Exercise prompt: Pull every line that holds the word "orbT" from the entries.

Information:
▬▬▬▬▬▬▬▬▬▬

(* Fix a set $\Psi\subseteq\mathcal{K}$, a number $q\ge0$, and for each $k\in\Psi$ an index $k'\in\mathcal{N}$. Define, for variables $p_n\ge0$ ($n\in\mathcal{N}$), $p_{k,k'}\ge0$ and $w_k\in(0,W^k_{MC}]$ ($k\in\Psi$), and multipliers $\lambda\ge0,\mu\ge0$, the Lagrangian $$\mathcal{L}=(1+\mu)\Big[\sum_{n=1}^N B^n_{SC}\log_2\!\Big(1+\tfrac{p_ng_n}{B^n_{SC}N_0}\Big)+\sum_{k\in\Psi}(W^k_{MC}-w_k)\log_2\!\Big(1+\tfrac{p_{k,k'}g_{k,k'}}{(W^k_{MC}-w_k)N_0}\Big)\Big]-\mu R^{SC}_{\min}$$ $$-q\Big(\sum_{n}\tfrac{p_n}{\xi}+\sum_{k\in\Psi}\tfrac{p_{k,k'}}{\xi}+\sum_{k\in\Psi}\big(2^{R^k_{MC}/w_k}-1\big)\tfrac{w_kN_0}{\xi h_k}+P_{\rm c}\Big)+\lambda\Big(P^{SC}_{\max}-\sum_n p_n-\sum_{k\in\Psi}p_{k,k'}-\sum_{k\in\Psi}\big(2^{R^k_{MC}/w_k}-1\big)\tfrac{w_kN_0}{h_k}\Big),$$ where $(W^k_{MC}-w_k)\log_2(\cdot)$ is interpreted as $0$ when $w_k=W^k_{MC}$. Then, given $\lambda$ and $\mu$, the bandwidth and power allocation maximizing $\mathcal{L}$ is $$w_k=\min\!\left(\frac{R^k_{MC}\ln2}{\mathcal{W}\!\left(\frac1e\Big(\frac{\mathcal{C}_k h_k}{(q/\xi+\lambda)N_0}-1\Big)\right)+1},\;W^k_{MC}\right),\quad k\in\Psi,$$ $$p_{k,k'}=(W^k_{MC}-w_k)\left[\frac{(1+\mu)\xi}{(q+\lambda\xi)\ln2}-\frac{N_0}{g_{k,k'}}\right]^+,\quad k\in\Psi,$$ $$p_n=B^n_{SC}\left[\frac{(1+\mu)\xi}{(q+\lambda\xi)\ln2}-\frac{N_0}{g_n}\right]^+,\quad n\in\mathcal{N},$$ where $[x]^+=\max\{x,0\}$, $\mathcal{W}$ is the Lambert $W$ function (i.e. $x=\mathcal{W}(x)e^{\mathcal{W}(x)}$), $\widetilde{p}_{k,k'}=\left[\frac{(1+\mu)\xi}{(q+\lambda\xi)\ln2}-\frac{N_0}{g_{k,k'}}\right]^+$, and $\mathcal{C}_k=(1+\mu)\log_2\!\big(1+\widetilde{p}_{k,k'}\frac{g_{k,k'}}{N_0}\big)-\big(\frac{q}{\xi}+\lambda\big)\widetilde{p}_{k,k'}$.
   Context: Constants: $N_0>0$ noise spectral density; $\xi\in(0,1]$ power amplifier efficiency; $P_{\rm c}>0$ circuit power; $P^{SC}_{\max}>0$; $R^{SC}_{\min}\ge0$. For each $k\in\mathcal{K}=\{1,\dots,K\}$: $W^k_{MC}>0$, $R^k_{MC}>0$, $h_k>0$, and $g_{k,n}>0$ for $n\in\mathcal{N}=\{1,\dots,N\}$. For each $n\in\mathcal{N}$: $B^n_{SC}>0$, $g_n>0$. This Lagrangian arises from the subtractive (Dinkelbach) form of the small-cell energy-efficiency maximization for a fixed set $\Psi$ of served macro users, with $b_{k,k'}=W^k_{MC}-w_k$ and $q_k=(2^{R^k_{MC}/w_k}-1)w_kN_0/h_k$ substituted; $\lambda$ and $\mu$ are the multipliers of the total power constraint and the minimum rate constraint. *)

From HB Require Import structures.
From mathcomp Require Import all_boot all_order all_algebra.
From mathcomp Require Import all_classical all_reals.
From mathcomp Require Import sequences exp.
Set Implicit Arguments. Unset Strict Implicit. Unset Printing Implicit Defensive.
Import Order.TTheory GRing.Theory Num.Theory.
Local Open Scope ring_scope.
Local Open Scope classical_set_scope.

Section Defs.
Variable R : realType.

Definition log2 (x : R) : R := ln x / ln 2.

Definition posp (x : R) : R := Num.max x 0.

(* Principal branch W_0 of the Lambert W function: for x >= -1/e, the unique
   y >= -1 with y * e^y = x.  (Arbitrary value 0 outside the domain.) *)
Definition LambertW (x : R) : R :=
  xget 0 [set y : R | -1 <= y /\ y * expR y = x].

Definition rate_term (N0 b p g : R) : R :=
  if b == 0 then 0 else b * log2 (1 + p * g / (b * N0)).

Variables (K N : nat) (N0 xi Pc Pmax Rmin : R)
  (WMC RMC h : 'I_K -> R) (g : 'I_K -> 'I_N -> R) (B gn : 'I_N -> R)
  (Psi : {set 'I_K}) (kp : 'I_K -> 'I_N) (q lam mu : R).

(* The Lagrangian; p n = p_n, pk k = p_{k,k'} with k' = kp k, w k = w_k *)
Definition lagrangian (p : 'I_N -> R) (pk w : 'I_K -> R) : R :=
  (1 + mu) * (\sum_(n < N) B n * log2 (1 + p n * gn n / (B n * N0))
              + \sum_(k in Psi) rate_term N0 (WMC k - w k) (pk k) (g k (kp k)))
  - mu * Rmin
  - q * (\sum_(n < N) p n / xi + \sum_(k in Psi) pk k / xi
         + \sum_(k in Psi) (2 `^ (RMC k / w k) - 1) * (w k * N0 / (xi * h k))
         + Pc)
  + lam * (Pmax - \sum_(n < N) p n - \sum_(k in Psi) pk k
           - \sum_(k in Psi) (2 `^ (RMC k / w k) - 1) * (w k * N0 / h k)).

Definition feasible (p : 'I_N -> R) (pk w : 'I_K -> R) : Prop :=
  (forall n, 0 <= p n) /\
  (forall k, k \in Psi -> 0 <= pk k /\ 0 < w k /\ w k <= WMC k).

Definition wlevel : R := (1 + mu) * xi / ((q + lam * xi) * ln 2).

Definition ptilde (k : 'I_K) : R := posp (wlevel - N0 / g k (kp k)).

Definition Ck (k : 'I_K) : R :=
  (1 + mu) * log2 (1 + ptilde k * g k (kp k) / N0) - (q / xi + lam) * ptilde k.

(* w_k = min(R ln2 / (W(...) + 1), W_MC); when W(...)+1 = 0 the first
   argument is +infinity, so the min is W_MC. *)
Definition w_opt (k : 'I_K) : R :=
  let d := LambertW (expR (-1) * (Ck k * h k / ((q / xi + lam) * N0) - 1)) + 1 in
  if d == 0 then WMC k else Num.min (RMC k * ln 2 / d) (WMC k).

Definition pk_opt (k : 'I_K) : R := (WMC k - w_opt k) * ptilde k.

Definition p_opt (n : 'I_N) : R := B n * posp (wlevel - N0 / gn n).

End Defs.

From HB Require Import structures.
From mathcomp Require Import all_boot all_order all_algebra.
From mathcomp Require Import all_classical all_reals.
From mathcomp Require Import sequences exp topology normedtype.
From mathcomp Require Import ring lra.
Import Order.TTheory GRing.Theory Num.Theory numFieldNormedType.Exports.
Set Implicit Arguments. Unset Strict Implicit. Unset Printing Implicit Defensive.
Local Open Scope ring_scope.

(* Once the multipliers are fixed the Lagrangian separates into one concave
   term per small-cell subcarrier and one per served macro user.  In power,
   each term is a * b log2(1 + p g/(b N0)) - c p, maximised by water-filling;
   this follows from the tangent-line bound for ln at the water level.
   For the macro user, maximising over the power first leaves
   (W - w) C - D (2^(R/w) - 1) w, which is concave in w.  Its stationarity
   condition C = D (1 + e^s (s - 1)) with s = R ln 2 / w is solved by the
   Lambert W function, and the optimum is clipped at W. *)

Section RealFacts.
Variable R : realType.
Implicit Types a b s t u x y : R.

Lemma posp_ge0 x : 0 <= posp x.
Proof. by rewrite /posp le_max lexx orbT. Qed.

Lemma ln2_gt0 : 0 < ln (2 : R).
Proof. by rewrite ln_gt0 // ltr1n. Qed.

Lemma ln_le_tangent u y : 0 < u -> 0 < y -> ln y <= ln u + (y - u) / u.
Proof.
move=> u_gt0 y_gt0.
have le := @le_ln1Dx R (y / u - 1).
rewrite subrKC ln_div ?posrE // in le.
have -> : (y - u) / u = y / u - 1 by field; rewrite gt_eqF.
suff : ln y - ln u <= y / u - 1 by lra.
by apply: le; have := divr_gt0 y_gt0 u_gt0; lra.
Qed.

Lemma expR_ge_tangent s t : expR s * (1 + (t - s)) <= expR t.
Proof.
have -> : expR t = expR s * expR (t - s) by rewrite -expRD subrKC.
exact/ler_wpM2l/expR_ge1Dx/expR_ge0.
Qed.

Lemma expR_mulB1_le a b : 0 <= a -> a <= b -> expR a * (a - 1) <= expR b * (b - 1).
Proof.
move=> a_ge0 le_ab.
have := expR_gt0 a; have := expR_gt0 b.
case: (lerP 1 b) => b1 Eb Ea.
- have tan := expR_ge_tangent a b.
  have : 0 <= (expR b - expR a * (1 + (b - a))) * (b - 1) by apply: mulr_ge0; lra.
  have : 0 <= expR a * ((b - a) * b) by rewrite !mulr_ge0 //; lra.
  lra.
- have tan := expR_ge_tangent b a.
  have : 0 <= (expR a - expR b * (1 + (a - b))) * (1 - a) by apply: mulr_ge0; lra.
  have : 0 <= expR b * ((b - a) * a) by rewrite !mulr_ge0 //; lra.
  lra.
Qed.

Lemma LambertWP x : - expR (-1) <= x ->
  -1 <= LambertW x /\ LambertW x * expR (LambertW x) = x.
Proof.
move=> x_ge.
suff ex : exists y, -1 <= y /\ y * expR y = x by exact: (xgetPex 0 ex).
have M_ge : -1 <= `|x| by have := normr_ge0 x; lra.
have cont : {within `[-1, `|x|], continuous (fun y : R => y * expR y)}%classic.
  apply: continuous_subspaceT => y.
  by apply: cvgM; [exact: cvg_id | exact: continuous_expR].
have x_le : x <= `|x| * expR `|x|.
  have := ler_wpM2l (normr_ge0 x) (expR_ge1Dx `|x|).
  have := ler_norm x; have := normr_ge0 x; nra.
have [|y] := @IVT R _ _ _ x M_ge cont.
  by rewrite ge_min le_max mulN1r x_ge x_le orbT.
by rewrite in_itv /= => /andP[y_ge _] yE; exists y.
Qed.

End RealFacts.

Section Rate.
Variable R : realType.

Definition rate_gain (a c g N0 p : R) : R := a * log2 (1 + p * g / N0) - c * p.

Lemma rate_gain_le_waterfill (a c g N0 p : R) :
  0 < a -> 0 < c -> 0 < g -> 0 < N0 -> 0 <= p ->
  rate_gain a c g N0 p <= rate_gain a c g N0 (posp (a / (c * ln 2) - N0 / g)).
Proof.
move=> a_gt0 c_gt0 g_gt0 N0_gt0 p_ge0; have l2 := @ln2_gt0 R.
set pt := posp _; set m := a * g / (ln 2 * (N0 + pt * g)).
have pt_ge0 : 0 <= pt := posp_ge0 _.
(* m is the marginal utility at pt: complementary slackness for p >= 0. *)
have [m_le_c slack] : m <= c /\ (c - m) * pt = 0.
  rewrite /m /pt /posp; case: (leP 0 (a / (c * ln 2) - N0 / g)) => level.
  - suff -> : a * g / (ln 2 * (N0 + (a / (c * ln 2) - N0 / g) * g)) = c.
      by rewrite subrr mul0r.
    by field; rewrite mulNr addrCA subrr addr0 !gt_eqF ?mulr_gt0.
  - rewrite mul0r addr0 mulr0; split => //.
    rewrite ler_pdivrMr ?mulr_gt0 //.
    have -> : a * g = c * (ln 2 * (a / (c * ln 2) * g)) by field; rewrite !gt_eqF.
    by rewrite !ler_pM2l // ltW // -ltr_pdivlMr //; lra.
have tangent : ln (1 + p * g / N0) <=
    ln (1 + pt * g / N0) + (p - pt) * g / (N0 + pt * g).
  have -> : (p - pt) * g / (N0 + pt * g) =
      (1 + p * g / N0 - (1 + pt * g / N0)) / (1 + pt * g / N0).
    by field; rewrite !gt_eqF // ltr_wpDr ?mulr_ge0 // ltW.
  by apply: ln_le_tangent; rewrite ltr_wpDr ?divr_ge0 ?mulr_ge0 // ltW.
have := ler_wpM2l (ltW (divr_gt0 a_gt0 l2)) tangent; rewrite mulrDr.
have -> : a / ln 2 * ((p - pt) * g / (N0 + pt * g)) = m * (p - pt).
  by rewrite /m; field; rewrite !gt_eqF // ltr_wpDr ?mulr_ge0 // ltW.
have : 0 <= (c - m) * p by rewrite mulr_ge0 // subr_ge0.
have log2E x : a * log2 x = a / ln 2 * ln x by rewrite /log2; ring.
rewrite /rate_gain !log2E; lra.
Qed.

Lemma rate_termE (N0 b p g : R) : b != 0 ->
  rate_term N0 b p g = b * log2 (1 + p * g / (b * N0)).
Proof. by rewrite /rate_term => /negPf ->. Qed.

Lemma rate_term_scale (a c g N0 b x : R) :
  a * rate_term N0 b (b * x) g - c * (b * x) = b * rate_gain a c g N0 x.
Proof.
have [->|b_neq0] := eqVneq b 0.
  by rewrite /rate_term eqxx !(mulr0, mul0r, subr0).
rewrite rate_termE // /rate_gain -[b * x * g]mulrA -mulf_div divff // mul1r.
ring.
Qed.

Lemma rate_term_le (a c g N0 b p : R) :
  0 < a -> 0 < c -> 0 < g -> 0 < N0 -> 0 <= b -> 0 <= p ->
  a * rate_term N0 b p g - c * p <=
  b * rate_gain a c g N0 (posp (a / (c * ln 2) - N0 / g)).
Proof.
move=> a_gt0 c_gt0 g_gt0 N0_gt0.
rewrite le_eqVlt => /predU1P[<- p_ge0|b_gt0 p_ge0].
  by rewrite /rate_term eqxx mulr0 mul0r sub0r oppr_le0 mulr_ge0 // ltW.
have {1 2}-> : p = b * (p / b) by rewrite mulrC divfK // gt_eqF.
rewrite rate_term_scale ler_pM2l //.
by apply: rate_gain_le_waterfill; rewrite // divr_ge0 // ltW.
Qed.

End Rate.

Section Bandwidth.
Variable R : realType.
Implicit Types r s u w : R.

(* (2^(R/w) - 1) w for r = R ln 2: in units of N0/h, the power a macro user
   needs to reach rate R on bandwidth w. *)
Definition rate_power r w : R := (expR (r / w) - 1) * w.

Lemma rate_power_tangent r u w : 0 < u -> 0 < w ->
  rate_power r u + (expR (r / u) * (1 - r / u) - 1) * (w - u) <= rate_power r w.
Proof.
move=> u_gt0 w_gt0; rewrite /rate_power.
have := ler_wpM2r (ltW w_gt0) (expR_ge_tangent (r / u) (r / w)).
have -> : expR (r / u) * (1 + (r / w - r / u)) * w =
  (expR (r / u) - 1) * u + (expR (r / u) * (1 - r / u) - 1) * (w - u) + w.
  by field; rewrite !gt_eqF.
lra.
Qed.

▬▬▬▬▬▬▬▬▬▬

Result of this task:
Proof. by rewrite /posp le_max lexx orbT. Qed.
  by rewrite ge_min le_max mulN1r x_ge x_le orbT.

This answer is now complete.